Look through the entries below for the string "pact", and copy each line where it is found.

___ Exercise inputs ___

(* Let $q$ be a prime power, $\mathbb{F}_q$ the finite field with $q$ elements, and $n\ge 1$. Let $C\subseteq \mathbb{F}_q^n$ be a linear code (a subspace) such that, for some real numbers $a_n\ge 1$ and $T$, \[ \frac{M_Q(C\setminus\{0_n\})}{|\mathcal{T}_Q^n|}\le a_n q^{-nT}\qquad\text{for all } Q\in\mathcal{P}_n(\mathbb{F}_q). \] Let $J\subseteq\mathbb{F}_q^n$ be a set of coset representatives for $\mathbb{F}_q^n/C$ (one representative per coset) such that the representative in $J$ of each coset $D$ attains the minimum of $H(\mathsf{P}_x)$ over $x\in D$. Then for every probability distribution $P_n$ on $\mathbb{F}_q^n$, \[ \mathbb{E}_{\boldsymbol{\pi}}\, P_n\big(\boldsymbol{\pi}(J)^{\mathrm c}\big)\le a_n\,|\mathcal{P}_n(\mathbb{F}_q)|\sum_{Q\in\mathcal{P}_n(\mathbb{F}_q)} P_n(\mathcal{T}_Q^n)\, q^{-n\,|T-H(Q)|^+}, \] where $\boldsymbol{\pi}$ is uniformly distributed over the symmetric group $\mathcal{S}_n$, $\mathrm{c}$ denotes complement in $\mathbb{F}_q^n$, and $|t|^+=\max\{t,0\}$.
   Context: For $x\in\mathbb{F}_q^n$, the type $\mathsf{P}_x$ is the probability distribution on $\mathbb{F}_q$ with $n\mathsf{P}_x(u)$ equal to the number of coordinates of $x$ equal to $u$. $\mathcal{P}_n(\mathbb{F}_q)$ is the set of all types of sequences in $\mathbb{F}_q^n$. For a type $Q$, $\mathcal{T}_Q^n=\{y\in\mathbb{F}_q^n:\mathsf{P}_y=Q\}$, and for a set $B\subseteq\mathbb{F}_q^n$, $M_Q(B)=|\{y\in B:\mathsf{P}_y=Q\}|$. $H(Q)=-\sum_u Q(u)\log_q Q(u)$ (logarithms to base $q$). $0_n$ is the zero vector. The symmetric group $\mathcal{S}_n$ acts on $\mathbb{F}_q^n$ by $\pi((x_1,\dots,x_n))=(x_{\pi(1)},\dots,x_{\pi(n)})$, and $\pi(J)=\{\pi(x):x\in J\}$. *)

From HB Require Import structures.
From mathcomp Require Import all_boot all_order all_algebra all_fingroup all_field.
From mathcomp Require Import all_classical all_reals all_analysis.
Set Implicit Arguments. Unset Strict Implicit. Unset Printing Implicit Defensive.
Import Order.TTheory GRing.Theory Num.Theory.
Local Open Scope ring_scope.

Section TypesDefs.
Variables (F : finFieldType) (n : nat).

(* A type is represented by its count function u |-> n * P(u) = #{i : x_i = u}. *)
Definition ptype (x : 'rV[F]_n) : {ffun F -> 'I_n.+1} :=
  [ffun u => inord #|[set i : 'I_n | x ord0 i == u]| ].

Definition types : {set {ffun F -> 'I_n.+1}} := [set ptype x | x : 'rV[F]_n].

Definition typeclass (Q : {ffun F -> 'I_n.+1}) : {set 'rV[F]_n} :=
  [set y | ptype y == Q].

Definition MQ (Q : {ffun F -> 'I_n.+1}) (B : {set 'rV[F]_n}) : nat :=
  #|[set y in B | ptype y == Q]|.

Definition pact (s : 'S_n) (x : 'rV[F]_n) : 'rV[F]_n := \row_i x ord0 (s i).

Definition pimage (s : 'S_n) (J : {set 'rV[F]_n}) : {set 'rV[F]_n} :=
  [set pact s x | x in J].

Variable R : realType.

Definition tdist (Q : {ffun F -> 'I_n.+1}) (u : F) : R :=
  (nat_of_ord (Q u))%:R / n%:R.

Definition entropy (Q : {ffun F -> 'I_n.+1}) : R :=
  - \sum_(u : F) tdist Q u * (ln (tdist Q u) / ln (#|F|%:R)).

Definition Pr (P : {ffun 'rV[F]_n -> R}) (A : {set 'rV[F]_n}) : R :=
  \sum_(x in A) P x.

End TypesDefs.

(* If x is missed by π(J), then y = π⁻¹x is not a coset leader, so its leader is y - c for a
   nonzero codeword c, and H(y - c) <= H(y) = H(x).  Hence the number of π missing x is at most
   Σ_{c ∈ C\0} #{π : πx - c ∈ A}, where A is the set of sequences of entropy at most H(x).  This
   count depends on c only through its type, so the type-spectrum bound on C compares the sum
   with a_n q^{-nT} times the same sum over all c ∈ F_q^n, which is n! |A| <= n! |P_n| q^{nH(x)}.
   Together with the trivial bound n! and an average over x ~ P_n this is the claim. *)

From HB Require Import structures.
From mathcomp Require Import all_boot all_order all_algebra all_fingroup all_field.
From mathcomp Require Import all_classical all_reals all_analysis.
From mathcomp Require Import ring.
Set Implicit Arguments. Unset Strict Implicit. Unset Printing Implicit Defensive.
Import Order.TTheory GRing.Theory Num.Theory.
Local Open Scope ring_scope.

Section PermutationAction.
Variables (F : finFieldType) (n : nat).
Local Notation V := 'rV[F]_n.

Lemma pactM (s t : 'S_n) (x : V) : pact s (pact t x) = pact (s * t) x.
Proof. by apply/rowP => i; rewrite !mxE permM. Qed.

Lemma pact1 (x : V) : pact 1 x = x.
Proof. by apply/rowP => i; rewrite !mxE perm1. Qed.

Lemma pactB (s : 'S_n) (x y : V) : pact s (x - y) = pact s x - pact s y.
Proof. by apply/rowP => i; rewrite !mxE. Qed.

Lemma card_ptype (x : V) (u : F) :
  #|[set i : 'I_n | x ord0 i == u]| = ptype x u :> nat.
Proof.
rewrite ffunE inordK // ltnS.
by apply: leq_trans (max_card _) _; rewrite card_ord.
Qed.

Lemma sum_ptype (x : V) : (\sum_(u : F) ptype x u)%N = n.
Proof.
under eq_bigr do rewrite -card_ptype.
rewrite -[RHS]card_ord -sum1_card (partition_big (fun i => x ord0 i) xpredT) //=.
by apply: eq_bigr => u _; rewrite -sum1_card; apply: eq_bigl => i; rewrite inE.
Qed.

Lemma ptype_pact (s : 'S_n) (x : V) : ptype (pact s x) = ptype x.
Proof.
apply/ffunP => u; rewrite !ffunE; congr inord.
rewrite -(card_preimset [set i | x ord0 i == u] (@perm_inj _ s)).
by apply: eq_card => i; rewrite !inE mxE.
Qed.

(* The permutation matches, for each letter u, the positions where c' equals u
   with those where c does, in increasing order. *)
Lemma ptype_eq_pact (c c' : V) : ptype c = ptype c' -> exists t : 'S_n, c' = pact t c.
Proof.
move=> eq_cc'.
pose S (y : V) u := enum [set j : 'I_n | y ord0 j == u].
pose f i := nth i (S c (c' ord0 i)) (index i (S c' (c' ord0 i))).
have mem_S i : i \in S c' (c' ord0 i) by rewrite mem_enum inE.
have index_lt i : (index i (S c' (c' ord0 i)) < size (S c (c' ord0 i)))%N.
  by rewrite /S -cardE card_ptype eq_cc' -card_ptype cardE index_mem.
have f_val i : c ord0 (f i) = c' ord0 i.
  by have := mem_nth i (index_lt i); rewrite mem_enum inE => /eqP.
have f_inj : injective f.
  move=> i j fij; have eq_ij : c' ord0 i = c' ord0 j by rewrite -!f_val fij.
  move: fij (index_lt j); rewrite /f -eq_ij => fij ltj.
  rewrite (set_nth_default j) // in fij.
  move/eqP: fij; rewrite nth_uniq ?enum_uniq ?index_lt // => /eqP eq_idx.
  by rewrite -(nth_index i (mem_S i)) eq_idx eq_ij nth_index.
by exists (perm f_inj); apply/rowP => i; rewrite mxE permE f_val.
Qed.

End PermutationAction.

Section TypeClasses.
Variables (R : realType) (F : finFieldType) (n : nat).
Local Notation V := 'rV[F]_n.
Local Notation q := (#|F|%:R : R).

Lemma q_gt1 : 1 < q.
Proof. by rewrite ltr1n card_finNzRing_gt1. Qed.

Lemma q_gt0 : 0 < q.
Proof. exact: lt_trans ltr01 q_gt1. Qed.

Lemma powqD (x y : R) : q `^ (x + y) = q `^ x * q `^ y.
Proof. by rewrite powRD // (gt_eqF q_gt0) implybT. Qed.

Lemma sum_row_prod (p : F -> R) :
  \sum_(w : V) \prod_(i < n) p (w ord0 i) = (\sum_(u : F) p u) ^+ n.
Proof.
rewrite -[n in RHS]card_ord -prodr_const bigA_distr_bigA.
rewrite (reindex (fun w : V => [ffun i => w ord0 i])) /=.
  by apply: eq_bigr => w _; apply: eq_bigr => i _; rewrite ffunE.
apply: onW_bij; exists (fun f : {ffun 'I_n -> F} => \row_i f i).
  by move=> w; apply/rowP => i; rewrite !mxE ffunE.
by move=> f; apply/ffunP => i; rewrite !ffunE mxE.
Qed.

Lemma prod_ptype (p : F -> R) (w : V) :
  \prod_(i < n) p (w ord0 i) = \prod_(u : F) p u ^+ ptype w u.
Proof.
rewrite (partition_big (fun i => w ord0 i) xpredT) //=.
apply: eq_bigr => u _; rewrite -card_ptype -prodr_const.
by apply: eq_big => [i | i /eqP ->]; rewrite ?inE.
Qed.

Hypothesis n_gt0 : (0 < n)%N.

Lemma sum_tdist (x : V) : \sum_(u : F) tdist R (ptype x) u = 1.
Proof.
by rewrite /tdist -mulr_suml -natr_sum sum_ptype divff // pnatr_eq0 -lt0n.
Qed.

(* [q ^ (- n H(Q))] is the probability of each sequence of type [Q] under the i.i.d. law [Q]. *)
Lemma powq_entropy (Q : {ffun F -> 'I_n.+1}) :
  q `^ (- (n%:R * entropy R Q)) = \prod_(u : F) tdist R Q u ^+ Q u.
Proof.
have lnq_neq0 : ln q != 0 by rewrite gt_eqF // ln_gt0 // q_gt1.
have n_neq0 : (n%:R : R) != 0 by rewrite pnatr_eq0 -lt0n.
rewrite /powR gt_eqF ?q_gt0 //.
rewrite /entropy mulrN opprK mulr_sumr mulr_suml expR_sum; apply: eq_bigr => u _.
have -> : n%:R * (tdist R Q u * (ln (tdist R Q u) / ln q)) * ln q =
          (Q u)%:R * ln (tdist R Q u) by rewrite /tdist; field; apply/andP.
have [-> | Qu_gt0] := posnP (Q u); first by rewrite mul0r expR0 expr0.
have tdist_gt0 : 0 < tdist R Q u by rewrite /tdist divr_gt0 // ltr0n.
by rewrite mulr_natl -lnXn // lnK // posrE exprn_gt0.
Qed.

Lemma card_typeclass_le (Q : {ffun F -> 'I_n.+1}) : Q \in types F n ->
  #|typeclass Q|%:R <= q `^ (n%:R * entropy R Q).
Proof.
case/imsetP => x _ ->; set p := tdist R (ptype x).
have sum_p : \sum_(w : V) \prod_(i < n) p (w ord0 i) = 1.
  by rewrite sum_row_prod sum_tdist expr1n.
rewrite -[X in _ <= X]mul1r -ler_pdivrMr ?powR_gt0 ?q_gt0 // -powRN.
rewrite -[X in _ <= X]sum_p (bigID (mem (typeclass (ptype x)))) /=.
rewrite -[X in X <= _]addr0; apply: lerD.
  rewrite (eq_bigr (fun=> q `^ (- (n%:R * entropy R (ptype x))))) => [|w].
    by rewrite sumr_const -[_ *+ #|_|]mulr_natl.
  by rewrite inE => /eqP eq_w; rewrite prod_ptype powq_entropy eq_w.
by apply: sumr_ge0 => w _; apply: prodr_ge0 => i _; rewrite divr_ge0.
Qed.

Definition low_entropy (H : R) : {set V} := [set w | entropy R (ptype w) <= H].

Lemma card_low_entropy (H : R) :
  #|low_entropy H|%:R <= #|types F n|%:R * q `^ (n%:R * H).
Proof.
have -> : #|low_entropy H| =
    (\sum_(Q in types F n) #|[set w in low_entropy H | ptype w == Q]|)%N.
  rewrite -sum1_card (partition_big (@ptype F n) (mem (types F n))) => [|w _]; last first.
    exact: imset_f.
  by apply: eq_bigr => Q _; rewrite sum1dep_card.
rewrite natr_sum -sum1_card natr_sum mulr_suml; apply: ler_sum => Q Q_type; rewrite mul1r.
have [le_HQ | lt_HQ] := leP (entropy R Q) H; last first.
  suff -> : [set w in low_entropy H | ptype w == Q] = finset.set0 by rewrite cards0 powR_ge0.
  apply/setP => w; rewrite !inE; apply/negbTE/andP => -[low_w /eqP eqQ].
  by move: lt_HQ; rewrite -eqQ ltNge low_w.
apply: (@le_trans _ _ #|typeclass Q|%:R).
  by rewrite ler_nat subset_leq_card //; apply/fintype.subsetP => w; rewrite !inE => /andP[].
apply: le_trans (card_typeclass_le Q_type) _.
by apply: ler_powR; [apply/ltW/q_gt1 | rewrite ler_wpM2l].
Qed.

End TypeClasses.

Arguments low_entropy R {F n} H.

Section PermutationCounts.
Variables (R : realType) (F : finFieldType) (n : nat).
Local Notation V := 'rV[F]_n.

Definition perm_hits (A : {set V}) (x c : V) : R :=
  \sum_(s : 'S_n) ((pact s x - c \in A)%:R).

Lemma sum_perm_hits (A : {set V}) (x : V) :
  \sum_(c : V) perm_hits A x c = n`!%:R * #|A|%:R.
Proof.
rewrite exchange_big /= (eq_bigr (fun=> #|A|%:R)) => [|s _].
  by rewrite sumr_const card_Sn mulr_natl.
rewrite (reindex_inj (subrI (pact s x))) /= -sum1_card natr_sum [RHS]big_mkcond /=.
by apply: eq_bigr => c _; rewrite subKr; case: (c \in A).
Qed.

___

— Output below —
Definition pact (s : 'S_n) (x : 'rV[F]_n) : 'rV[F]_n := \row_i x ord0 (s i).
  [set pact s x | x in J].
Lemma pactM (s t : 'S_n) (x : V) : pact s (pact t x) = pact (s * t) x.
Lemma pact1 (x : V) : pact 1 x = x.
Lemma pactB (s : 'S_n) (x y : V) : pact s (x - y) = pact s x - pact s y.
Lemma ptype_pact (s : 'S_n) (x : V) : ptype (pact s x) = ptype x.
Lemma ptype_eq_pact (c c' : V) : ptype c = ptype c' -> exists t : 'S_n, c' = pact t c.
  \sum_(s : 'S_n) ((pact s x - c \in A)%:R).
rewrite (reindex_inj (subrI (pact s x))) /= -sum1_card natr_sum [RHS]big_mkcond /=.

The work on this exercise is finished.